Accurate predictions of species abundance remain one of the most vexing challenges in ecology. This observation is perhaps unsurprising, because population dynamics are often strongly forced and highly nonlinear. Recently, however, numerous statistical techniques have been proposed for fitting highly parameterized mechanistic models to complex time series, potentially providing the machinery necessary for generating useful predictions. Alternatively, there is a wide variety of comparatively simple model-free forecasting methods that could be used to predict abundance. Here we pose a rather conservative challenge and ask whether a correctly specified mechanistic model, fit with commonly used statistical techniques, can provide better forecasts than simple model-free methods for ecological systems with noisy nonlinear dynamics. Using four different control models and seven experimental time series of flour beetles, we found that Markov chain Monte Carlo procedures for fitting mechanistic models often converged on best-fit parameterizations far different from the known parameters. As a result, the correctly specified models provided inaccurate forecasts and incorrect inferences. In contrast, a model-free method based on state-space reconstruction gave the most accurate short-term forecasts, even while using only a single time series from the multivariate system. Considering the recent push for ecosystem-based management and the increasing call for ecological predictions, our results suggest that a flexible model-free approach may be the most promising way forward.

Regime shift indicators fail under noise levels commonly observed in ecological systems.

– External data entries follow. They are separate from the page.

Lemma not_reduced_alternating i j m : is_real A i -> is_real A j ->
  we (alt_word j i m) [::] -> (0 < m)%N -> ~ reduced (alternating i j m.+1).
Proof.
move=> re_i re_j braid m_gt0 red_alt.
have m2 : m.*2 = (m.-1 + m.+1)%N by rewrite -addnn; lia.
move: braid; rewrite alt_word_alternating m2 alternating_add.
set p := (if _ then _ else _) => braid.
have re_p : all (is_real A) p.
  apply: (@pair_word_real i j) => //; rewrite /p; case: (odd _); last exact: alternating_pair_word.
  by apply: sub_all (alternating_pair_word j i m.-1) => k; rewrite orbC.
have shorter : we (alternating i j m.+1) (rev p).
  have := wequiv_catl (rev p) braid; rewrite cats0 catA; apply: wequiv_trans.
  exact/wequiv_sym/(wequiv_catr (alternating i j m.+1) (wequiv_rev_cat re_p)).
have := red_alt _ shorter; rewrite size_rev /p size_alternating.
by case: (odd _); rewrite size_alternating; lia.
Qed.

Lemma reduced_alternating_lt i j m n : is_real A i -> is_real A j ->
  we (alt_word j i m) [::] -> (0 < m)%N -> reduced (alternating i j n) -> (n <= m)%N.
Proof.
move=> re_i re_j braid m_gt0 red_n; rewrite leqNgt; apply/negP => lt_mn.
move: red_n; rewrite -(subnK lt_mn) alternating_add => /reduced_catr.
exact: not_reduced_alternating.
Qed.

Definition rot_coord (aij aji x y : int) (p : int * int) : int * int :=
  let b := - p.2 - y - p.1 * aji in (- p.1 - x - b * aij, b).

Lemma pairing_add_comb2 k i j mu p :
  pairing (av k) (fun b => mu b + comb2 i j p b) = pairing (av k) mu + p.1 * A k i + p.2 * A k j.
Proof.
rewrite (@eq_pairing _ _ (fun b => 1 * mu b + 1 * comb2 i j p b)); last by move=> b; ring.
by rewrite pairing_lincomb pairing_comb2; ring.
Qed.

Lemma iter_refl_rot i j k mu : is_real A i -> is_real A j ->
  iter k (fun nu => r i (r j nu)) mu =
  (fun b => mu b + comb2 i j
     (iter k (rot_coord (A i j) (A j i) (pairing (av i) mu) (pairing (av j) mu)) (0, 0)) b).
Proof.
move=> /cartan_real Aii /cartan_real Ajj.
elim: k => [|k IH]; first by apply: functional_extensionality => b; rewrite /comb2 /=; ring.
rewrite !iterS IH; apply: functional_extensionality => b.
rewrite {1}/refl pairing_refl !pairing_add_comb2 /refl pairing_add_comb2.
by rewrite /comb2 /rot_coord /= Aii Ajj; ring.
Qed.

Lemma order_is_rot i j m : i != j -> is_real A i -> is_real A j -> (0 < m)%N ->
  (forall x y, iter m (rot_coord (A i j) (A j i) x y) (0, 0) = (0, 0)) ->
  (forall k, (0 < k < m)%N -> iter k (rot_coord (A i j) (A j i) 2 (A j i)) (0, 0) != (0, 0)) ->
  order_is av al i j m.
Proof.
move=> ij re_i re_j m_gt0 period aperiodic; split => //; split.
  move=> mu; rewrite iter_refl_rot // period.
  by apply: functional_extensionality => b; rewrite /comb2 /=; ring.
move=> k /aperiodic /negP rot_k; exists (al i); rewrite iter_refl_rot // !pairing_simple.
rewrite (cartan_real re_i) => fix_al; apply/rot_k/eqP/(comb2_eq0 ij).
apply: functional_extensionality => b; have := congr1 (fun f => f b) fix_al => /=; lia.
Qed.

Definition real_coord (aij aji : int) (left : bool) (p : int * int) : int * int :=
  if left then (- p.1 - p.2 * aij, p.2) else (p.1, - p.2 - p.1 * aji).

Lemma foldr_refl_coord_real i j x p : i != j -> is_real A i -> is_real A j -> pair_word i j x ->
  foldr (refl_coord i j) p x = foldr (real_coord (A i j) (A j i)) p (map (eq_op^~ i) x).
Proof.
move=> ij /cartan_real Aii /cartan_real Ajj.
have ji : (j == i) = false by rewrite eq_sym (negbTE ij).
elim: x => [//|k x IH] /= /andP [k_ij /IH ->]; set q := foldr _ p _.
case/orP: k_ij => /eqP ->; rewrite ?refl_coord_l ?refl_coord_r // ?eqxx ?ji /real_coord /=.
  by rewrite Aii; congr pair; ring.
by rewrite Ajj; congr pair; ring.
Qed.

Lemma rank2_finite_type i j : i != j -> is_real A i -> is_real A j -> A i j * A j i <= 3 ->
  exists m, [/\ (0 < m)%N, we (alt_word j i m) [::] &
    forall n, (n < m)%N -> let p := foldr (refl_coord i j) (1, 0) (alternating j i n) in
      0 <= p.1 /\ 0 <= p.2].
Proof.
move=> ij re_i re_j small.
have ji : (j == i) = false by rewrite eq_sym (negbTE ij).
have [Aii Ajj] := (cartan_real re_i, cartan_real re_j).
have Aij_le0 := cartan_offdiag ij.
have Aji_le0 : A j i <= 0 by apply: cartan_offdiag; rewrite eq_sym.
have Aij0 := @cartan_sym0 i j; have Aji0 := @cartan_sym0 j i.
have braid m : m \in [:: 2; 3; 4; 6]%N ->
  (forall x y, iter m (rot_coord (A i j) (A j i) x y) (0, 0) = (0, 0)) ->
  (forall k, (0 < k < m)%N -> iter k (rot_coord (A i j) (A j i) 2 (A j i)) (0, 0) != (0, 0)) ->
  we (alt_word j i m) [::].
  move=> m_in period aperiodic; apply/wrel_wequiv/wrel_braid_r => //.
  by apply: order_is_rot => //; case: m m_in {period aperiodic}.
have [Aij|[Aij|[Aij|Aij]]] : A i j = 0 \/ A i j = -1 \/ A i j = -2 \/ A i j = -3 by nia.
all: have [Aji|[Aji|[Aji|Aji]]] : A j i = 0 \/ A j i = -1 \/ A j i = -2 \/ A j i = -3 by nia.
all: rewrite ?Aij ?Aji in small Aij0 Aji0 braid; try (exfalso; lia).
all: [> exists 2%N | exists 3%N | exists 4%N | exists 6%N | exists 4%N | exists 6%N].
all: split => //; first (apply: braid => //;
  [move=> x y; rewrite /rot_coord /=; congr pair; ring | by do 6?[case=> //]]).
all: move=> n lt_nm; rewrite foldr_refl_coord_real // ?map_alternating ?eqxx ?ji ?Aij ?Aji;
  last by apply: sub_all (alternating_pair_word j i n) => k; rewrite orbC.
all: by move: n lt_nm; do 7?[case=> //]; split.
Qed.

(* For [A i j * A j i >= 4], [r_i] and [r_j] swap the two cones
   [2 a <= - A i j * b] and [- A i j * b <= 2 a] of coordinates [(a, b)] inside
   the nonnegative quadrant. *)
Lemma rank2_infinite_type_coord i j n : i != j -> is_real A i -> is_real A j ->
  4 <= A i j * A j i ->
  let q := foldr (refl_coord i j) (1, 0) (alternating j i n) in
  [/\ 0 <= q.1, 0 <= q.2 &
      if odd n then 2 * q.1 <= - A i j * q.2 else - A i j * q.2 <= 2 * q.1].
Proof.
move=> ij /cartan_real Aii /cartan_real Ajj big.
have Aij := cartan_offdiag ij; have Aji : A j i <= 0 by apply: cartan_offdiag; rewrite eq_sym.
elim: n => [|n]; first by rewrite /= mulr0; split => //; lia.
rewrite alternating_cons /=; case: (foldr _ _ _) => a b /= [a_ge0 b_ge0].
case: (odd n) => /= ab.
- by rewrite refl_coord_l /= Aii; split; nia.
- by rewrite refl_coord_r //= Ajj; split; nia.
Qed.

Lemma rank2_real_imaginary_nonneg i j x : i != j -> is_real A i -> ~~ is_real A j ->
  pair_word i j x -> reduced (rcons x i) ->
  0 <= (foldr (refl_coord i j) (1, 0) x).1 /\ 0 <= (foldr (refl_coord i j) (1, 0) x).2.
Proof.
move=> ij re_i im_j x_ij red_xi.
have [Aij0|Aij_neq0] := eqVneq (A i j) 0.
  by rewrite (rank2_orthogonal_coord ij re_i im_j Aij0 x_ij red_xi).
case/lastP: x x_ij red_xi => [//|x k].
rewrite all_rcons => /andP [/orP [] /eqP -> x_ij] red_xki.
  by case: (@not_reduced_sq x i [::] re_i); rewrite -!cats1 -catA in red_xki.
have Aij := cartan_offdiag ij; have Aji : A j i <= 0 by apply: cartan_offdiag; rewrite eq_sym.
have Aji_neq0 : A j i != 0 by apply: contra Aij_neq0 => /eqP /cartan_sym0 ->.
rewrite foldr_rcons refl_coord_r //= mul1r mul0r addr0 sub0r.
have p2 : 0 <= - A j i by lia.
have p12 : 1 <= - A j i * - A i j by nia.
by have [] := @rank2_real_imaginary_coord i j x (1, - A j i) ij re_i im_j x_ij p2 ler01 p12.
Qed.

Ecological regime shifts are rapid, potentially devastating changes in ecosystem state that last for extended periods of time. Previous theoretical work has generated numerous early-warning indicators of regime shifts, some of which have been empirically demonstrated in closed ecological systems. Here we evaluated a suite of indicators using a previously studied three-species model under conditions likely to be observed in field studies of open ecological systems. Simulations included large correlated fluctuations in extrinsic noise and a rapidly changing driving variable, while indicators were calculated using sparsely sampled time series. All indicators performed poorly under these conditions, particularly during the beginning of the regime shift. Overall, the best performing indicator was a rise in variance. Future research should focus on methods for setting benchmark values of early warning indicators and for identifying indicators that work for sparsely sampled data sets.